The reproducibility of these findings in other circumstances should be discussed. The study used a region with higher than average rates of surgery. It is possible that the intervention would only decrease aggressive surgical practices that are less frequently encountered in other communities. However, the decreases were across the board in 5 of 6 health care systems. Also, this study involved only 1 insurer. Although this insurer is typical of many other private insurers, the effect of this policy on older people insured by Medicare or on patients in the workers' compensation system might be different. However, the complexity of diagnosis and treatment in the older population is such that a physiatric approach is even more likely to benefit them.[17] Individuals on workers' compensation were not evaluated in this study. In general, they have poorer surgical outcomes, yet the reimbursement for surgery is typically much higher for workers' compensation cases.
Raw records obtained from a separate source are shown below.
(* Under the assumptions in the context, the discrete solution set $\mathcal M^\delta:=\{u^\delta_\mu:\mu\in\mathcal P\}$ is a compact subset of $\widehat{\mathcal X^\delta}:=(B^1)^*(\mathcal Y^\delta)+\dots+(B^{Q_b})^*(\mathcal Y^\delta)\subset L_2(\Omega)$, where $u_\mu^\delta\in\mathcal X_\mu^\delta:=B_\mu^*(\mathcal Y^\delta)$ is the unique solution of $(u^\delta_\mu,B_\mu^*v)_{L_2(\Omega)}=f_\mu(v)$ for all $v\in\mathcal Y^\delta$.
   Context: Let $\Omega\subset\mathbb R^n$ be a bounded polyhedral Lipschitz domain with outward normal $\vec n$, and $\mathcal P\subset\mathbb R^p$ compact. For each $\mu\in\mathcal P$ let $\vec b_\mu\in C^1(\bar\Omega)^n$, $c_\mu\in C^0(\bar\Omega)$ with $c_\mu-\tfrac12\nabla\cdot\vec b_\mu\ge0$, with $\mu$-independent $\Gamma_\pm=\{z\in\partial\Omega:\vec b_\mu\cdot\vec n\gtrless0\}$, and such that $B_{\mu;\circ}^*w:=-\vec b_\mu\cdot\nabla w+w(c_\mu-\nabla\cdot\vec b_\mu)$ on $C^1_{\Gamma_+}(\Omega):=\{v\in C^0(\bar\Omega)\cap C^1(\Omega):v|_{\Gamma_+}=0\}$ is injective with dense range in $L_2(\Omega)$. Let $\mathcal Y_\mu$ be the closure of $C^1_{\Gamma_+}(\Omega)$ under $\|v\|_{\mathcal Y_\mu}:=\|B^*_{\mu;\circ}v\|_{L_2(\Omega)}$, $B_\mu^*$ the continuous extension, $\bar{\mathcal Y}:=\bigcap_\mu\mathcal Y_\mu$ (dense in each $\mathcal Y_\mu$) with norm $\|v\|_{\bar{\mathcal Y}}:=\sup_\mu\|v\|_{\mathcal Y_\mu}$. Assume affine decompositions $B_\mu^*=\sum_{q=1}^{Q_b}\theta_b^q(\mu)(B^q)^*$, $f_\mu=\sum_{q=1}^{Q_f}\theta_f^q(\mu)f^q$ with $\theta^q_b,\theta^q_f\in C^0(\mathcal P)$, $(B^q)^*\in\mathcal L(\bar{\mathcal Y},L_2(\Omega))$, $f^q\in\bar{\mathcal Y}'$, and $f_\mu\in\mathcal Y_\mu'$ for all $\mu$ with $\sup_\mu\|f_\mu\|_{\mathcal Y_\mu'}<\infty$. Let $\mathcal Y^\delta\subset\bar{\mathcal Y}$ be a $\mu$-independent finite-dimensional subspace; $\widehat{\mathcal X^\delta}$ is equipped with the $L_2(\Omega)$ inner product. *)

From HB Require Import structures.
From mathcomp Require Import all_boot all_order all_algebra.
From mathcomp Require Import all_classical all_reals all_analysis.
Set Implicit Arguments. Unset Strict Implicit. Unset Printing Implicit Defensive.
Import Order.TTheory GRing.Theory Num.Theory.
Import numFieldNormedType.Exports.
Local Open Scope classical_set_scope.
Local Open Scope ring_scope.

Definition is_linear_map (R : realType) (U V : lmodType R) (f : U -> V) : Prop :=
  forall (a : R) (x y : U), f (a *: x + y) = a *: f x + f y.

Definition is_linear_form (R : realType) (U : lmodType R) (f : U -> R) : Prop :=
  forall (a : R) (x y : U), f (a *: x + y) = a * f x + f y.

(* A (real) inner product on H inducing the norm of H:
   this models L_2(Omega) with its L_2 inner product. *)
Definition inner_product_of_norm (R : realType) (H : normedModType R)
    (ip : H -> H -> R) : Prop :=
  [/\ forall x y, ip x y = ip y x,
      forall (a : R) x y z, ip (a *: x + y) z = a * ip x z + ip y z
    & forall x, ip x x = `|x| ^+ 2].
Thus, it seems likely that a similar policy would have a similar or greater positive effect on the workers' compensation and Medicare populations.
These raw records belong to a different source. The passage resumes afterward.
(* Let $d\ge 1$ be an integer and consider the $d$-dimensional Parallel Random Apollonian Network (P-RAN) process described in the context. For an integer $m\ge 0$ let $Nc_t(m)$ be the number of $(d+1)$-cliques in the list $C_t$ having parallel degree $m$ after $t$ steps, and let $|C_t| = d+2+t(d+1)$ be the total number of cliques in $C_t$. Then for every $m\ge 0$, the fraction $\mathbb{E}[Nc_t(m)]/|C_t|$ converges as $t\to\infty$ to $$Pc(m)=\frac{d+1}{(d+2)^{m+1}},$$ i.e. for large $t$ the parallel degree distribution of the P-RAN asymptotically follows this geometric distribution.
   Context: P-RAN process in dimension $d$: at step $t=0$ the graph is a complete graph on $d+2$ vertices, and the list $C_0$ consists of its $d+2$ $(d+1)$-cliques (vertex subsets of size $d+1$). At each step $t\to t+1$, a clique $c$ is chosen uniformly at random from the current list $C_t$; a new vertex $v$ is added to the graph and joined by edges to all $d+1$ vertices of $c$; the clique $c$ stays in the list and the $d+1$ new $(d+1)$-cliques of the form $\{v\}\cup (c\setminus\{u\})$, $u\in c$, are appended to the list. Thus $|C_t|=d+2+t(d+1)$ and the graph has $d+2+t$ vertices. The parallel degree of a clique $c$ in the list is the number of vertices that have been inserted into $c$ (i.e. the number of steps at which $c$ was the chosen clique); newly created cliques have parallel degree $0$. *)

From HB Require Import structures.
From mathcomp Require Import all_boot all_order all_algebra.
From mathcomp Require Import all_classical all_reals all_analysis.
Set Implicit Arguments. Unset Strict Implicit. Unset Printing Implicit Defensive.
Import Order.TTheory GRing.Theory Num.Theory.
Local Open Scope ring_scope.

(* A state of the P-RAN process:
   - pr_nv   : number of vertices so far (vertices are 0 .. pr_nv - 1);
   - pr_edges: the edge list of the graph (unordered pairs, stored as pairs);
   - pr_list : the list C_t of (d+1)-cliques, each given as the sequence of its
               vertices, together with its parallel degree. *)
Record pran_state := PRanState {
  pr_nv : nat;
  pr_edges : seq (nat * nat);
  pr_list : seq (seq nat * nat) }.

Definition pran_init (d : nat) : pran_state :=
  let V := iota 0 d.+2 in
  PRanState d.+2
    [seq (u, v) | u <- V, v <- [seq w <- V | (u < w)%N]]
    [seq (rem u V, 0%N) | u <- V].

Definition pran_step (s : pran_state) (i : nat) : pran_state :=
  let cp := nth ([::], 0%N) (pr_list s) i in
  let c := cp.1 in
  let v := pr_nv s in
  PRanState v.+1
    (pr_edges s ++ [seq (u, v) | u <- c])
    (set_nth ([::], 0%N) (pr_list s) i (c, cp.2.+1)
       ++ [seq (v :: rem u c, 0%N) | u <- c]).

Fixpoint pran_exp {R : numFieldType} (t : nat) (f : pran_state -> R)
    (s : pran_state) : R :=
  match t with
  | 0%N => f s
  | t'.+1 =>
      (size (pr_list s))%:R^-1 *
        \sum_(i < size (pr_list s)) pran_exp t' f (pran_step s i)
  end.

Definition Nc (m : nat) (s : pran_state) : nat :=
  count (fun cp : seq nat * nat => cp.2 == m) (pr_list s).

Definition ENc {R : numFieldType} (d m t : nat) : R :=
  pran_exp t (fun s => (Nc m s)%:R) (pran_init d).

Definition sizeC (d t : nat) : nat := (d + 2 + t * (d + 1))%N.

From HB Require Import structures.
From mathcomp Require Import all_boot all_order all_algebra.
From mathcomp Require Import all_classical all_reals all_analysis.
From mathcomp Require Import zify ring lra.

Set Implicit Arguments.
Unset Strict Implicit.
Unset Printing Implicit Defensive.
Import Order.TTheory GRing.Theory Num.Theory.
Import numFieldNormedType.Exports.
Local Open Scope classical_set_scope.
Local Open Scope ring_scope.

(** Conditioning on the last step,
  E[Nc_(t+1)(m)] = (1 - 1/|C_t|) E[Nc_t(m)] + E[Nc_t(m-1)]/|C_t| + [m = 0](d+1):
  the chosen clique moves from degree m - 1 to degree m, and d+1 fresh cliques of
  degree 0 appear. Since |C_(t+1)| = |C_t| + d + 1 and Pc(m-1) = (d+2) Pc(m), the
  residuals r_t(m) = E[Nc_t(m)] - Pc(m) |C_t| obey the same recurrence without the
  source term, so r_(t+1)(m) is a convex combination of r_t(m) and r_t(m-1).
  Hence |r_t(m)| never exceeds its initial bound d + 2, and dividing by
  |C_t| > t gives the limit Pc(m). *)

Lemma sum_nth_count (T : Type) (x0 : T) (p : pred T) (s : seq T) :
  (\sum_(i < size s) p (nth x0 s i) = count p s)%N.
Proof. by elim: s => [|x s IHs]; rewrite ?big_ord0 // big_ord_recl IHs. Qed.

Lemma all_set_nth (T : Type) (p : pred T) (x0 x : T) (s : seq T) (n : nat) :
  (n < size s)%N -> all p s -> p x -> all p (set_nth x0 s n x).
Proof.
elim: s n => [|y s IHs] [|n] //= ltns /andP[py ps] px; rewrite ?px ?py ?ps //=.
exact: IHs.
Qed.

Lemma count_set_nth_add (T : Type) (p : pred T) (x0 x : T) (s : seq T) (n : nat) :
  (n < size s)%N ->
  (count p (set_nth x0 s n x) + p (nth x0 s n) = count p s + p x)%N.
Proof. by elim: s n => [|y s IHs] [|n] //= ltns; [lia | rewrite -addnA IHs //; lia]. Qed.

Lemma sizeC_gt0 (d t : nat) : (0 < sizeC d t)%N.
Proof. by rewrite /sizeC; lia. Qed.

Definition pran_wf (d t : nat) (s : pran_state) : bool :=
  (size (pr_list s) == sizeC d t) && all (fun cp => size cp.1 == d.+1) (pr_list s).

Lemma pran_wf_init (d : nat) : pran_wf d 0 (pran_init d).
Proof.
rewrite /pran_wf /pran_init; move: (iota 0 d.+2) (size_iota 0 d.+2) => V size_V.
rewrite size_map size_V /sizeC mul0n addn0 addn2 eqxx all_map.
by apply/allP => u uV /=; rewrite size_rem // size_V.
Qed.

Lemma pran_wf_step (d t : nat) (s : pran_state) (i : nat) :
  pran_wf d t s -> (i < size (pr_list s))%N -> pran_wf d t.+1 (pran_step s i).
Proof.
move=> /andP[/eqP size_s all_s] lt_i; rewrite /pran_wf /pran_step /=.
have size_c : size (nth ([::], 0%N) (pr_list s) i).1 = d.+1.
  exact/eqP/(all_nthP _ all_s).
rewrite size_cat size_set_nth size_map size_c (maxn_idPr _) // size_s all_cat.
apply/and3P; split; first by apply/eqP; rewrite /sizeC; lia.
  by apply: all_set_nth => //=; rewrite size_c.
by apply/allP => _ /mapP[u cu ->] /=; rewrite size_rem // size_c.
Qed.

Section Expectation.
Variable R : numFieldType.
Implicit Types (f h : pran_state -> R) (s : pran_state).

Definition pran_mean f s : R :=
  (size (pr_list s))%:R^-1 * \sum_(i < size (pr_list s)) f (pran_step s i).

Lemma pran_exp_recr (t : nat) f s : pran_exp t.+1 f s = pran_exp t (pran_mean f) s.
Proof.
elim: t s => [|t IHt] s //.
by congr (_ * _); apply: eq_bigr => i _; apply: IHt.
Qed.

Lemma eq_pran_exp_wf (d t0 t : nat) f h s : pran_wf d t0 s ->
  {in pran_wf d (t0 + t), f =1 h} -> pran_exp t f s = pran_exp t h s.
Proof.
elim: t t0 s => [|t IHt] t0 s wf_s eq_fh /=; first by apply: eq_fh; rewrite addn0.
congr (_ * _); apply: eq_bigr => i _; apply: (IHt t0.+1); first exact: pran_wf_step.
by move=> s' wf_s'; apply: eq_fh; rewrite addnS.
Qed.

Lemma pran_expD (t : nat) f h s :
  pran_exp t (fun s => f s + h s) s = pran_exp t f s + pran_exp t h s.
Proof.
elim: t s => [|t IHt] s //=.
by rewrite -mulrDr -big_split; congr (_ * _); apply: eq_bigr => i _; apply: IHt.
Qed.

Lemma pran_expZ (t : nat) (a : R) f s :
  pran_exp t (fun s => a * f s) s = a * pran_exp t f s.
Proof.
elim: t s => [|t IHt] s //=.
by under eq_bigr => i _ do rewrite IHt; rewrite -mulr_sumr mulrCA.
Qed.

Lemma pran_exp_cst (d t0 t : nat) (c : R) s :
  pran_wf d t0 s -> pran_exp t (fun _ => c) s = c.
Proof.
elim: t t0 s => [|t IHt] t0 s wf_s //=.
under eq_bigr => i _ do rewrite (IHt t0.+1 _ (pran_wf_step wf_s (ltn_ord i))).
rewrite sumr_const card_ord -[c *+ _]mulr_natr mulrCA mulVf ?mulr1 //.
by case/andP: wf_s => /eqP ->; rewrite pnatr_eq0 -lt0n sizeC_gt0.
Qed.

End Expectation.

Definition Nc_pred (m : nat) (s : pran_state) : nat :=
  if m is m'.+1 then Nc m' s else 0%N.

Lemma Nc_pran_step (m : nat) (s : pran_state) (i : nat) :
  (i < size (pr_list s))%N ->
  let cp := nth ([::], 0%N) (pr_list s) i in
  (Nc m (pran_step s i) + (cp.2 == m) =
   Nc m s + (cp.2.+1 == m) + (m == 0%N) * size cp.1)%N.
Proof.
move=> lt_i /=; rewrite /Nc /pran_step /= count_cat addnAC count_set_nth_add //.
rewrite count_map; congr (_ + _)%N; case: m => [|m].
  by rewrite mul1n -[RHS]count_predT; apply: eq_count.
by rewrite mul0n -[RHS](count_pred0 (nth ([::], 0%N) (pr_list s) i).1); apply: eq_count.
Qed.

Lemma sum_Nc_pran_step (d t m : nat) (s : pran_state) : pran_wf d t s ->
  (\sum_(i < size (pr_list s)) Nc m (pran_step s i) + Nc m s =
   size (pr_list s) * Nc m s + Nc_pred m s + size (pr_list s) * ((m == 0%N) * d.+1))%N.
Proof.
case/andP=> _ all_s.
have count_pred : Nc_pred m s = count (fun cp : seq nat * nat => cp.2.+1 == m) (pr_list s).
  rewrite /Nc_pred /Nc; case: m => [|m]; last by apply: eq_count.
  by rewrite -[LHS](count_pred0 (pr_list s)); apply: eq_count.
rewrite {2}/Nc -(sum_nth_count ([::], 0%N)) -big_split /=.
rewrite (eq_bigr (fun i : 'I_(size (pr_list s)) => Nc m s +
    ((nth ([::], 0%N) (pr_list s) i).2.+1 == m) + (m == 0%N) * d.+1))%N; last first.
  by move=> i _; rewrite Nc_pran_step // (eqP (all_nthP _ all_s _ (ltn_ord i))).
by rewrite !big_split /= !sum_nat_const card_ord count_pred -(sum_nth_count ([::], 0%N)).
Qed.

Lemma pran_mean_Nc (R : numFieldType) (d t m : nat) (s : pran_state) :
  pran_wf d t s ->
  pran_mean (fun s => (Nc m s)%:R : R) s =
  (1 - (sizeC d t)%:R^-1) * (Nc m s)%:R + (sizeC d t)%:R^-1 * (Nc_pred m s)%:R
  + ((m == 0%N) * d.+1)%:R.
Proof.
move=> wf_s; rewrite /pran_mean.
have := congr1 (fun n : nat => n%:R : R) (sum_Nc_pran_step m wf_s).
case/andP: wf_s => /eqP -> _; rewrite -natr_sum /=.
move: (sizeC d t) (sizeC_gt0 d t) => n n_gt0; rewrite !natrD !natrM.
have : n%:R != 0 :> R by rewrite pnatr_eq0 -lt0n.
move: n%:R => N N_neq0 /(canRL (addrK _)) ->.
by field.
Qed.

Lemma ENc_recr (R : numFieldType) (d m t : nat) :
  (ENc d m t.+1 : R) =
  (1 - (sizeC d t)%:R^-1) * ENc d m t
  + (sizeC d t)%:R^-1 * (if m is m'.+1 then ENc d m' t else 0)
  + ((m == 0%N) * d.+1)%:R.
Proof.
rewrite /ENc pran_exp_recr (eq_pran_exp_wf (pran_wf_init d)
  (h := fun s => (1 - (sizeC d t)%:R^-1) * (Nc m s)%:R
         + (sizeC d t)%:R^-1 * (Nc_pred m s)%:R + ((m == 0%N) * d.+1)%:R)); last first.
  by move=> s wf_s; apply: pran_mean_Nc.
rewrite !pran_expD !pran_expZ (pran_exp_cst _ _ (pran_wf_init d)).
by case: m => [|m] //; rewrite (pran_exp_cst _ _ (pran_wf_init d)).
Qed.

Lemma ENc0 (R : numFieldType) (d m : nat) :
  (ENc d m 0 : R) = if m is 0%N then (d + 2)%:R else 0.
Proof.
rewrite /ENc /= /Nc /pran_init count_map; case: m => [|m].
  by rewrite (eq_count (a2 := predT)) // count_predT size_iota addn2.
by rewrite (eq_count (a2 := pred0)) // count_pred0.
Qed.

Section Residual.
Variables (R : realType) (d : nat).

Definition Pc (m : nat) : R := (d + 1)%:R / (d + 2)%:R ^+ m.+1.

Definition residual (t m : nat) : R := ENc d m t - Pc m * (sizeC d t)%:R.

Lemma natr_d2_neq0 : (d + 2)%:R != 0 :> R.
Proof. by rewrite pnatr_eq0 addn2. Qed.

Lemma Pc_ge0 (m : nat) : 0 <= Pc m.
Proof. by rewrite divr_ge0 // exprn_ge0. Qed.

Lemma Pc_le1 (m : nat) : Pc m <= 1.
Proof.
rewrite ler_pdivrMr ?exprn_gt0 ?ltr0n ?addn2 // mul1r -natrX ler_nat expnS.
by rewrite addn1 (leq_trans (leqnSn _)) // leq_pmulr // expn_gt0.
Qed.

Lemma natr_sizeCS (t : nat) :
  (sizeC d t.+1)%:R = (sizeC d t)%:R + (d + 1)%:R :> R.
Proof. by rewrite -natrD /sizeC mulSn; congr _%:R; lia. Qed.

Lemma residual_recr (t m : nat) :
  residual t.+1 m =
  (1 - (sizeC d t)%:R^-1) * residual t m
  + (sizeC d t)%:R^-1 * (if m is m'.+1 then residual t m' else 0).
Proof.
have N_neq0 : (sizeC d t)%:R != 0 :> R by rewrite pnatr_eq0 -lt0n sizeC_gt0.
rewrite /residual ENc_recr natr_sizeCS /Pc.
move: (sizeC d t)%:R N_neq0 => N N_neq0.
case: m => [|m]; rewrite ?mulr0 ?addr0 /=.
  by rewrite mul1n -addn1 expr1; field; rewrite N_neq0 -natrD natr_d2_neq0.
rewrite exprS.
have := expf_neq0 m.+1 natr_d2_neq0; move: (_ ^+ m.+1) => X X_neq0.
by field; rewrite N_neq0 X_neq0 -natrD natr_d2_neq0.
Qed.

Lemma residual_bound (t m : nat) : `|residual t m| <= (d + 2)%:R.
Proof.
elim: t m => [|t IHt] m.
  rewrite /residual ENc0 /sizeC mul0n addn0.
  have := Pc_ge0 m; have := Pc_le1 m; have : 0 <= (d + 2)%:R :> R by [].
  case: m => [|m]; move: (Pc _) ((d + 2)%:R : R) => p D D_ge0 p_le1 p_ge0.
    by rewrite ger0_norm; nra.
  by rewrite sub0r normrN ger0_norm; nra.
rewrite residual_recr; set q := (sizeC d t)%:R^-1.
have q_ge0 : 0 <= q by rewrite invr_ge0.
have q_le1 : q <= 1 by rewrite invf_le1 ?ltr0n ?ler1n ?sizeC_gt0.
have r_prev_bound : `|if m is m'.+1 then residual t m' else 0| <= (d + 2)%:R.
  by case: m => [|m] //; rewrite normr0.
rewrite (le_trans (ler_normD _ _)) // !normrM.
rewrite [`|1 - q|]ger0_norm ?subr_ge0 // [`|q|]ger0_norm //.
move: (IHt m) r_prev_bound; move: (`|residual t m|) (`|_|) => x y; nra.
Qed.

End Residual.

Lemma cvg_ratio_of_bounded_gap (R : realType) (u v : R^nat) (p C : R) :
  (forall t, t.+1%:R <= v t) -> (forall t, `|u t - p * v t| <= C) ->
  (fun t => u t / v t) @ \oo --> p.
Proof.
move=> v_ge gap_le; apply/cvgrPdist_le => e e_gt0; near=> t.
have v_gt0 : 0 < v t by apply: lt_le_trans (v_ge t); rewrite ltr0n.
have t_large : C / e <= t%:R by near: t; apply: nbhs_infty_ger.
have -> : p - u t / v t = - ((u t - p * v t) / v t) by field; rewrite gt_eqF.
rewrite normrN normrM [`|(v t)^-1|]gtr0_norm ?invr_gt0 // ler_pdivrMr //.
rewrite ler_pdivrMr // in t_large.
have := gap_le t; have := v_ge t; rewrite -addn1 natrD.
move: (`|_|) => g; nra.
Unshelve. all: end_near.
Qed.

Theorem mainTheorem1 (R : realType) (d : nat) (hd : (1 <= d)%N) (m : nat) :
  (fun t : nat => (ENc d m t : R) / (sizeC d t)%:R) @ \oo -->
    ((d + 1)%:R / (d + 2)%:R ^+ m.+1 : R).
Proof.
apply: (@cvg_ratio_of_bounded_gap _ _ _ _ (d + 2)%:R).
  by move=> t; rewrite ler_nat /sizeC; lia.
by move=> t; apply: (residual_bound R d t m).
Qed.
Execution of this kind of program on a wider scale is feasible but challenging. Although there are more than 8000 physiatrists in the United States,[18] they are fully engaged and employed. The financial incentive to provide access to presurgical patients was an important factor in the willingness of local physiatrists to shift their priorities. In the short term, efforts to increase primary care expertise in diagnosing spinal disorders, counseling patients, and appropriately referring surgical patients is a daunting task. In the long term, an increase in the number of physiatrists might be warranted. One might consider the use of other experts, such as physical therapists, chiropractors, or anesthesia-trained pain specialists. However, these practitioners have limitations in training or licensure that make them less than optimal when it comes to psychological assessment, advanced diagnostics and treatment, or functional rehabilitation. Development of efficient and effective systems of care around the primary care/physiatrist/surgeon axis might be the most important strategy.
This study showed that a required physiatrist consultation for elective spine surgery radically decreased the operative rate while maintaining patient satisfaction across a large region. Although experiences might be different in other communities, policies such as this one have the potential to improve spine care and decrease cost elsewhere.